In my case, the yellow circled standoff already came out with the previously removed fan.

Sven Harmstorf, · Reply

My standoff screw was really tight and my T6 stripped the screw. :( But, because it's effectively just used as a post to stabilise the fan, I ended up using some surgical clamps, grabbing the standoff where the rubber grommet sits, and gently twisted the screw loose. No major damage because that part of the screw isn't really used! Just be careful and gently twist (patience is KEY) to loosen.

alc217, · Reply

The thermal sensor is VERY delicate, hold the connector down with a spudger and lift the cable with some tweezers. Long list of people online who have accidentally removed the connector from the logic board because the solder is insufficient.

anthonypshaw, · Reply

I second the comment about using something, say a small screwdriver, to carefully put some pressure on the connector whilst then prying the cable up.

Simon Martin, · Reply

The removal of the SATA connectors for the hard drive and the optical drive should probably be separated into two steps. It's easy to miss the second one and pull a SATA connector off.

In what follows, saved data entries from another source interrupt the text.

(* Let $e'$ be a fixed edge of $C_o:=\overline{C_{F_\mathsf{o}}}$ and let $L_{C_o},U_{C_o}$ be as defined in the context. For each integer $x\in[L_{C_o},U_{C_o}]$ there exists an edge $e^\star\in C_o$ with $\ell^{e^\star}_{C_o}(e')=x$ such that, if $e^\star$ is used as the reference edge, $e^\star$ belongs to a horizontal segment $S$ with $\mathcal{N}_\mathsf{north}(S)=\emptyset$.
   Context: Setting: $G$ is a biconnected simple plane graph of maximum degree at most $4$ with an ortho-radial representation (angles in $\{90^\circ,180^\circ,270^\circ\}$ at corners, a central face $F_\mathsf{c}$ and an outer face $F_\mathsf{o}$) satisfying (R1) angle sums at vertices are $360^\circ$ and (R2) rotation of the clockwise facial cycle $C_F$ is $4$ for regular faces, $0$ for a face that is exactly one of central/outer, $-4$ for a face that is both. Rotation of a length-2 path $(u,v,w)$ is $-1,0,1$ for left turn/straight/right turn ($\pm2$ for a $180^\circ$ turn), of a path the sum over its length-2 subpaths. A path is crossing-free if it repeats no undirected edge and does not cross itself at repeated vertices. For edges $e=(u,v)$, $f=(x,y)$ and a crossing-free reference path $P$ from $u$ or $v$ to $x$ or $y$ avoiding $e,\overline e,f,\overline f$: $\mathsf{direction}(e,P,f)$ is $\mathsf{rotation}(e\circ P\circ f)$ ($P$: $v\to x$), $\mathsf{rotation}(\overline e\circ P\circ f)+2$ ($u\to x$), $\mathsf{rotation}(e\circ P\circ\overline f)-2$ ($v\to y$), $\mathsf{rotation}(\overline e\circ P\circ\overline f)$ ($u\to y$). The interior of a cycle is the side with respect to which it is clockwise; a simple cycle $C$ with $F_\mathsf{o}$ in its exterior is essential if $F_\mathsf{c}$ is in its interior. For a choice of reference edge $e^\star$ on $C_o$, an essential cycle $C$ and $e\in C$, $\ell^{e^\star}_C(e)=\mathsf{direction}(e^\star,P,e)$ for any reference path $P$ in the exterior of $C$ (well defined), with $\ell^{e^\star}_{C_o}(e^\star)=0$. With reference edge $e^\star$, each edge points east/south/west/north according as $\mathsf{direction}(e^\star,P,e)\bmod4$ is $0,1,2,3$; horizontal segments are the connected components of the set of east edges, and $\mathcal{N}_\mathsf{north}(S)$ is the set of north edges $(a,b)$ with $a\in S$. For an essential cycle $C$, let $I_C=\{\ell^{e'}_C(e):e\in C\}$ (a set of consecutive integers). Define $L_C=1-\max I_C$ and $U_C=-1-\min I_C$ if $|I_C|\ge2$, and $L_C=U_C=-\min I_C$ if $|I_C|=1$. (Equivalently, with reference edge $e^\star$, $C$ has all labels $\ge0$ and some positive iff $\ell^{e^\star}_{C_o}(e')>U_C$, and all labels $\le0$ and some negative iff $\ell^{e^\star}_{C_o}(e')<L_C$.) *)

From Stdlib Require Import Relation_Operators.
From HB Require Import structures.
From mathcomp Require Import all_boot all_order all_algebra all_fingroup.
Set Implicit Arguments. Unset Strict Implicit. Unset Printing Implicit Defensive.
Import Order.TTheory GRing.Theory Num.Theory.

(* Darts = directed edges.  [rev d] is the reverse dart, [rot d] is the next
   dart around [tail d] in counterclockwise order, [angle d] is the angle
   (in units of 90 degrees) between [d] and [rot d] at [tail d].
   A face is an orbit of [facenext]; the walk along [facenext] keeps the face
   on its right, i.e. it is the clockwise facial cycle C_F.
   [fcen] / [fout] are darts of the clockwise facial cycles of the central /
   outer face. *)
Record orgraph := ORGraph {
  vert : finType;
  dart : finType;
  tail : dart -> vert;
  rev : dart -> dart;
  rot : {perm dart};
  angle : dart -> nat;
  fcen : dart;
  fout : dart
}.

Not confirming that I did it, but I am looking for someone to solder a SATA connector back on. ;)

jrmn, · Reply

These sensors are too fragile in some cases. In my case both the hard drive and optical sensor cables tore off despite all my best efforts. The plastic holding down the cables appears to be too fragile or brittle and simply tears as the cables are pulled away.

nirv, · Reply

Whats the apple part number for these screws?